The authors declare that they have no conflict of interest.

IMAGES

  1. NMR Chemical Shift Values Table

    nmr chemical shift assignment

  2. Chemical Shifts in Proton NMR Spectroscopy

    nmr chemical shift assignment

  3. Assignments of chemical shifts of metabolites in the 1H NMR spectra of...

    nmr chemical shift assignment

  4. 1H and 13C NMR Chemical Shifts of Pd(II) and Pt(II) Compounds z H NMR

    nmr chemical shift assignment

  5. Ch 13

    nmr chemical shift assignment

  6. Analytical Chemistry

    nmr chemical shift assignment

COMMENTS

  1. A guide to small-molecule structure assignment through ...

    Of the three important classes of primary NMR data—chemical shifts, coupling constants and relative integrated signal intensity—the first is the most diagnostic of the local chemical and...

  2. 12.5: Functional Groups and Chemical Shifts in ¹H NMR ...

    The proton NMR chemical shift is affect by nearness to electronegative atoms (O, N, halogen.) and unsaturated groups (C=C,C=O, aromatic). Electronegative groups move to the down field (left; increase in ppm).

  3. Time-optimized protein NMR assignment with an integrative ...

    Chemical shift assignment is vital for nuclear magnetic resonance (NMR)–based studies of protein structures, dynamics, and interactions, providing crucial atomic-level insight. However, obtaining chemical shift assignments is labor intensive and requires extensive measurement time.

  4. 13.3: Chemical Shifts in ¹H NMR Spectroscopy - Chemistry ...

    1 H NMR Chemical Shifts. Chemical shifts in NMR (Nuclear Magnetic Resonance) spectroscopy refer to the phenomenon where the resonant frequency of a nucleus in a magnetic field is influenced by its chemical environment.

  5. 13.4: Chemical Shifts - Chemistry LibreTexts

    The chemical shift of an NMR absorption in δ units is constant, regardless of the operating frequency of the spectrometer. A 1 H nucleus that absorbs at 2.0 δ on a 200 MHz instrument also absorbs at 2.0 δ on a 500 MHz instrument. The range in which most NMR absorptions occur is quite narrow.

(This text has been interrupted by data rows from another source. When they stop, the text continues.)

(* In the setting of the quantum deformed-oscillator realization ($\mathcal A$, $f\mapsto f(N)$, $b$, $b^\dagger$, $\Phi$, and $\mathbf A,\mathbf B,\mathbf C$ built from functions $A,h,\rho:\mathbb Z\to\mathbb C$), assume for all $n\in\mathbb Z$ conditions (q1) $(\Delta A(n))^2=\delta+\beta(A(n)+A(n+1))$, (q2) $\sum_{i=1}^{L+1}\alpha_iA(n)^i+\delta h(n)+\epsilon+2\beta A(n)h(n)=0$, (q3) $\Delta A(n)-\Delta A(n+1)=-\beta$, and (q4) $\Delta A(n)(h(n+1)-h(n))=-\beta(h(n+1)+h(n))+\sum_{i=1}^{L}\omega_i(A(n+1)^i+A(n)^i)+\eta$. Let $k_1,\dots,k_{M+1}\in\mathbb C$ be arbitrary and $$K=\mathbf C^2-\sum_{i=1}^{L+1}\alpha_i\{\mathbf A^i,\mathbf B\}-\beta\sum_{i=1}^{L}\omega_i\{\mathbf A^i,\mathbf B\}-\beta\{\mathbf A,\mathbf B^2\}+\sum_{i=1}^{M+1}k_i\mathbf A^i-(2\epsilon+\beta\eta)\mathbf B+(\beta^2-\delta)\mathbf B^2 .$$ Then $K=\kappa(N)$, where $$\begin{aligned}\kappa(n)={}&-(\Delta A(n-1))^2\rho(n-1)^2\Phi(n)-(\Delta A(n))^2\rho(n)^2\Phi(n+1)-2\sum_{i=1}^{L+1}\alpha_iA(n)^ih(n)-2\beta\sum_{i=1}^{L}\omega_iA(n)^ih(n)\\&-2\beta A(n)h(n)^2-2\beta A(n)\big(\rho(n-1)^2\Phi(n)+\rho(n)^2\Phi(n+1)\big)+\sum_{i=1}^{M+1}k_iA(n)^i-(2\epsilon+\beta\eta)h(n)\\&+(\beta^2-\delta)\big(h(n)^2+\rho(n-1)^2\Phi(n)+\rho(n)^2\Phi(n+1)\big).\end{aligned}$$
   Context: Setting: $M\ge1$, $L=\lfloor M/2\rfloor$, complex constants $\alpha_1,\dots,\alpha_{L+1},\beta,\delta,\epsilon,\eta,\omega_1,\dots,\omega_L$. $\mathcal A$ is a unital associative algebra over $\mathbb C$ with elements $b,b^\dagger$ and a unital algebra homomorphism $f\mapsto f(N)$ from functions $\mathbb Z\to\mathbb C$ into $\mathcal A$ with $f(N)b^\dagger=b^\dagger f(N+1)$, $f(N)b=bf(N-1)$, $b^\dagger b=\Phi(N)$, $bb^\dagger=\Phi(N+1)$. $\Delta A(n)=A(n+1)-A(n)$, $\mathbf A=A(N)$, $\mathbf B=h(N)+b^\dagger\rho(N)+\rho(N)b$, $\mathbf C=b^\dagger\Delta A(N)\rho(N)-\rho(N)\Delta A(N)b$. $[X,Y]=XY-YX$, $\{X,Y\}=XY+YX$. The function $h$ is the paper's $b(N)$. *)

From HB Require Import structures.
From mathcomp Require Import all_boot all_order all_algebra.
Set Implicit Arguments. Unset Strict Implicit. Unset Printing Implicit Defensive.
Import Order.TTheory GRing.Theory Num.Theory.
Local Open Scope ring_scope.

Definition Delta (C : zmodType) (A : int -> C) : int -> C :=
  fun n => A (n + 1) - A n.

Almost all 1 H NMR absorptions occur from 0 to 10 ...

  6. Rapid protein assignments and structures from raw NMR spectra ...

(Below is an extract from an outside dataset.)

(* Let $\mathbf{Sober}$ be the category of sober semitopologies with continuous maps, and $\mathbf{Spatial}$ the category of spatial semiframes with semiframe morphisms. Define $\mathrm{Fr}(\mathsf P,\mathcal O)=(\mathcal O,\subseteq,\between)$ and, for a continuous $f$, $\mathrm{Fr}(f)=f^{-1}$; define $\mathrm{St}$ on objects as below and, for a semiframe morphism $g:(X',\le',\ast')\to(X,\le,\ast)$, $\mathrm{St}(g)=g^\circ:\mathrm{Points}(X,\le,\ast)\to\mathrm{Points}(X',\le',\ast')$, $g^\circ(F)=\{x'\in X'\mid g(x')\in F\}$. Then $\mathrm{Fr}:\mathbf{Sober}\to\mathbf{Spatial}^{op}$ and $\mathrm{St}:\mathbf{Spatial}^{op}\to\mathbf{Sober}$ are well-defined functors forming an equivalence of categories (a duality between $\mathbf{Sober}$ and $\mathbf{Spatial}$), with natural isomorphisms $\mathrm{nbhd}:(\mathsf P,\mathcal O)\to\mathrm{St}\,\mathrm{Fr}(\mathsf P,\mathcal O)$, $p\mapsto\{O\in\mathcal O\mid p\in O\}$, and $\mathrm{Op}:(X,\le,\ast)\to\mathrm{Fr}\,\mathrm{St}(X,\le,\ast)$, $x\mapsto\mathrm{Op}(x)$.
   Context: A semitopology is a set $\mathsf P$ with $\mathcal O\subseteq\mathcal P(\mathsf P)$ containing $\varnothing,\mathsf P$ and closed under arbitrary unions; morphisms are continuous maps (preimages of opens are open). A semiframe is a complete join-semilattice $(X,\le)$ (with $\bot_X=\bigvee\varnothing$, $\top_X=\bigvee X$) with a relation $\ast$ that is commutative, satisfies $x\ast x$ for $x\neq\bot_X$, and $x\ast\bigvee Y$ iff $x\ast y$ for some $y\in Y$; $(\mathcal O,\subseteq,\between)$, where $O\between O'$ iff $O\cap O'\ne\varnothing$, is a semiframe. A semiframe morphism $g:(X',\le',\ast')\to(X,\le,\ast)$ is a map preserving all joins and the top element ($g(\top_{X'})=\top_X$) such that $g(x')\ast g(x'')$ implies $x'\ast' x''$. An abstract point is a nonempty, up-closed, pairwise $\ast$-compatible subset $F$ that is completely prime ($\bigvee Y\in F$ implies some $y\in Y$ lies in $F$, for all $Y$ including $\varnothing$); $\mathrm{Points}(X,\le,\ast)$ is the set of abstract points; $\mathrm{Op}(x)$ is the set of abstract points containing $x$; $\mathrm{St}(X,\le,\ast)$ is the semitopology with points $\mathrm{Points}(X,\le,\ast)$ and opens $\{\mathrm{Op}(x)\mid x\in X\}$. A semiframe is spatial when $\mathrm{Op}(x)\subseteq\mathrm{Op}(x')$ implies $x\le x'$, and $x\ast x'$ implies $\mathrm{Op}(x)\cap\mathrm{Op}(x')\ne\varnothing$. A semitopology is sober when $\mathrm{nbhd}$ is a bijection from $\mathsf P$ onto $\mathrm{Points}(\mathcal O,\subseteq,\between)$. *)

Unset Strict Implicit.
Unset Implicit Arguments.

    The researchers in this work present a deep learning-based method that delivers signal positions, chemical shift assignments, and structures of proteins within hours after completion of the...

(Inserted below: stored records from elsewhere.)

Section Gluing.
Context {A : SeqAlg} {P X Y : NMod A} (tau : Y -> X) (phi : P -> X) (delta : R).
Context (Psi : nat -> P -> Y).
Hypotheses (HhP : homogeneous P) (HfP : finite_type P) (HhY : homogeneous Y)
  (Htau : coisometric tau) (Hphi : is_morph phi) (Hdelta : 0 < delta)
  (HPsi : forall m, coordinate_lift tau phi delta m (Psi m)).

Lemma coord_bound_spec (x : P) n : (coord_bound x <= n)%nat -> act (pvec n) x = mzero.
Proof.
  revert n. apply (epsilon_spec _ (fun N => forall n, (N <= n)%nat -> act (pvec n) x = mzero)).
  apply HfP.
Qed.

Lemma Psi_mzero m : Psi m mzero = mzero.
Proof.
  apply madd_idem_eq0. rewrite <- (clift_add _ _ _ _ _ (HPsi m)) by apply coord_sub_mzero.
  now rewrite madd_0.
Qed.

Definition glue (x : P) : Y := msum (fun m => Psi m (act (pvec m) x)) (coord_bound x).

Lemma glue_eq x N : (forall n, (N <= n)%nat -> act (pvec n) x = mzero) ->
  glue x = msum (fun m => Psi m (act (pvec m) x)) N.
Proof.
  intros HN. unfold glue.
  assert (Hz : forall N0, (forall n, (N0 <= n)%nat -> act (pvec n) x = mzero) ->
    forall n, (N0 <= n)%nat -> Psi n (act (pvec n) x) = mzero).
  { intros N0 H0 n Hn. rewrite H0 by exact Hn. apply Psi_mzero. }
  destruct (Nat.le_ge_cases N (coord_bound x)).
  - apply msum_tail; [apply Hz, HN | assumption].
  - symmetry. apply msum_tail; [apply Hz, coord_bound_spec | assumption].
Qed.

Lemma act_pvec_glue k x : act (pvec k) (glue x) = Psi k (act (pvec k) x).
Proof.
  apply (act_pvec_msum (fun m => Psi m (act (pvec m) x))); [intro m; apply (HPsi m) |].
  intros m Hm. rewrite coord_bound_spec by exact Hm. apply Psi_mzero.
Qed.

Lemma msum_coords (x : P) : msum (fun m => act (pvec m) x) (coord_bound x) = x.
Proof.
  apply homogeneous_coord_eq; [exact HhP|]. intro k.
  apply (act_pvec_msum (fun m => act (pvec m) x));
    [intro m; apply act_pvec_idem | apply coord_bound_spec].
Qed.

Lemma glue_lifts x : tau (glue x) = phi x.
Proof.
  destruct Htau as [[tadd _] _]. destruct Hphi as [padd _].
  transitivity (phi (msum (fun m => act (pvec m) x) (coord_bound x))); [|now rewrite msum_coords].
  unfold glue. rewrite (msum_morph tau), (msum_morph phi) by assumption.
  apply msum_ext. intros m _. apply (HPsi m). now exists x.
Qed.

Lemma glue_norm_witness (x : P) : exists u : P,
  (forall k, mnorm (act (pvec k) u) = mnorm (act (pvec k) x)) /\
  (forall k, mnorm (act (pvec k) (glue x)) <= (1 + delta) * mnorm (act (pvec k) (phi u))).
Proof.
  destruct (choice (fun k (u : P) => coord_sub P k u /\ mnorm u = mnorm (act (pvec k) x) /\
     mnorm (Psi k (act (pvec k) x)) <= (1 + delta) * mnorm (phi u))) as [uk Huk].
  { intro k. apply (HPsi k). now exists x. }
  assert (Hcoord : forall k, act (pvec k) (msum uk (coord_bound x)) = uk k).
  { intro k. apply act_pvec_msum; [intro m; apply coord_sub_act_pvec, Huk |].
    intros m Hm. apply mnorm_zero. destruct (Huk m) as [_ [-> _]].
    rewrite coord_bound_spec by exact Hm. apply mnorm_mzero. }
  exists (msum uk (coord_bound x)). split; intro k.
  - rewrite Hcoord. apply Huk.
  - rewrite act_pvec_glue, morph_act_pvec, Hcoord by exact Hphi. apply Huk.
Qed.

Lemma glue_norm R0 : opnorm phi R0 -> forall x, mnorm (glue x) <= (1 + delta) * R0 * mnorm x.
Proof.
  intros HR0 x. destruct (glue_norm_witness x) as [u [Hux Hglue]].
  assert (Hun : mnorm u = mnorm x) by (apply Rle_antisym; apply HhP; intro k; rewrite Hux; lra).
  set (c := mkC (1 + delta) 0).
  assert (Hc : Cmod c = 1 + delta) by (apply Cmod_nonneg_real; lra).
  apply Rle_trans with (mnorm (mscal c (phi u))).
  - apply (homogeneous_dominated_by_quotient tau Htau); [exact HhY|]. intro k.
    rewrite act_scalr, mnorm_scal, Hc by apply pvec_inA. apply Hglue.
  - rewrite mnorm_scal, Hc, <- Hun, Rmult_assoc.
    apply Rmult_le_compat_l; [lra | exact (opnorm_bound phi R0 Hphi HR0 u)].
Qed.

Lemma glue_morph : is_morph glue.
Proof.
  assert (Hadd : forall x y, glue (madd x y) = madd (glue x) (glue y)).
  { intros x y. set (N := Nat.max (coord_bound x) (coord_bound y)).
    assert (Hx : forall n, (N <= n)%nat -> act (pvec n) x = mzero)
      by (intros; apply coord_bound_spec; lia).
    assert (Hy : forall n, (N <= n)%nat -> act (pvec n) y = mzero)
      by (intros; apply coord_bound_spec; lia).
    rewrite (glue_eq (madd x y) N), (glue_eq x N), (glue_eq y N), <- msum_add by
      (assumption || intros n Hn; rewrite act_addr, Hx, Hy by (apply pvec_inA || exact Hn);
       apply madd_0).
    apply msum_ext. intros m _. rewrite act_addr by apply pvec_inA.
    apply (HPsi m); [now exists x | now exists y]. }
  repeat split.
  - exact Hadd.
  - intros c x. rewrite (glue_eq (mscal c x) (coord_bound x)).
    + unfold glue. rewrite (msum_morph (mscal c)) by apply mscal_addr. apply msum_ext.
      intros m _. rewrite act_scalr by apply pvec_inA. apply (HPsi m). now exists x.
    + intros n Hn. rewrite act_scalr, coord_bound_spec by (apply pvec_inA || exact Hn).
      apply mscal_mzero.
  - intros a x Ha. rewrite (glue_eq (act a x) (coord_bound x)).
    + unfold glue. rewrite (msum_morph (act a)) by (intros; apply act_addr, Ha). apply msum_ext.
      intros m _. rewrite act_pvec_act, (act_on_coord m a), (clift_scal _ _ _ _ _ (HPsi m))
        by (exact Ha || apply (HPsi m) || now exists x). reflexivity.
    + intros n Hn. rewrite act_pvec_act, coord_bound_spec by (exact Ha || exact Hn).
      apply mscal_mzero.
  - destruct (opnorm_exists phi Hphi) as [R0 HR0]. exists ((1 + delta) * R0).
    exact (glue_norm R0 HR0).
Qed.

End Gluing.

Lemma exists_margin R0 eps : 0 <= R0 -> 0 < eps ->
  exists delta, 0 < delta /\ (1 + delta) * R0 < R0 + eps.
Proof.
  intros HR0 Heps. exists (eps / (R0 + 1)). split; [apply Rdiv_lt_0_compat; lra|].
  assert (E : eps / (R0 + 1) * (R0 + 1) = eps) by (field; lra). nra.
Qed.

Theorem theorem3p1 (A : SeqAlg) (P : NMod A) :
  homogeneous P -> finite_type P ->
  (forall n : nat, exists L : Type, iso_l10 P (coord_sub P n) L) ->
  extremely_projective (@cat_H A) P.
Proof.
  intros HhP HfP Hiso X Y _ [_ HhY] tau Htau phi Hphi eps Heps.
  destruct (opnorm_exists phi Hphi) as [R0 HR0].
  destruct (exists_margin R0 eps (opnorm_ge0 phi R0 Hphi HR0) Heps) as [delta [Hd Hmargin]].
  destruct (choice (fun m Psi_m => coordinate_lift tau phi delta m Psi_m)) as [Psi HPsi].
  { intro m. exact (coordinate_lift_exists tau phi delta m Htau Hphi Hd (Hiso m)). }
  pose proof (glue_morph tau phi delta Psi HhP HfP HhY Htau Hphi Hd HPsi) as Hpsi.
  exists (glue Psi). split; [exact Hpsi | split].
  - exact (glue_lifts tau phi delta Psi HhP HfP Htau Hphi HPsi).
  - intros r Hr. rewrite (is_lub_u _ _ _ Hr HR0).
    destruct (opnorm_exists (glue Psi) Hpsi) as [r' Hr']. exists r'. split; [exact Hr'|].
    enough (r' <= (1 + delta) * R0) by lra.
    apply (opnorm_le _ r' _ Hr'); [pose proof (opnorm_ge0 phi R0 Hphi HR0); nra |].
    exact (glue_norm tau phi delta Psi HhP HfP HhY Htau Hphi Hd HPsi R0 HR0).
Qed.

  7. Chemical shift-based methods in NMR structure determination

    Chemical shifts are highly sensitive probes harnessed by NMR spectroscopists and structural biologists as conformational parameters to characterize a range of biological molecules. Traditionally, assignment of chemical shifts has been a labor-intensive process requiring numerous samples and a suite of multidimensional experiments.

  8. A Very Deep Graph Convolutional Network for 13C NMR Chemical ...

    Herein, we have constructed a 54-layer-deep graph convolutional network for 13 C NMR chemical shift calculations, which achieved high accuracy with low time-cost and performed competitively with DFT NMR chemical shift calculations on structure assignment benchmarks.

  9. Complete 1H and 13C NMR chemical shift assignments of mono-to ...

    The 1 H and 13 C NMR chemical shifts of compounds 1 – 57 are given in Table 1, Table 2, Table 3, Table 4, Table 5, Table 6 and below we highlight some aspects of the assignments and structural features of the compounds analyzed.

  10. Accurate Prediction of NMR Chemical Shifts: Integrating DFT ...

    Computer prediction of NMR chemical shifts plays an increasingly important role in molecular structure assignment and elucidation for organic molecule studies.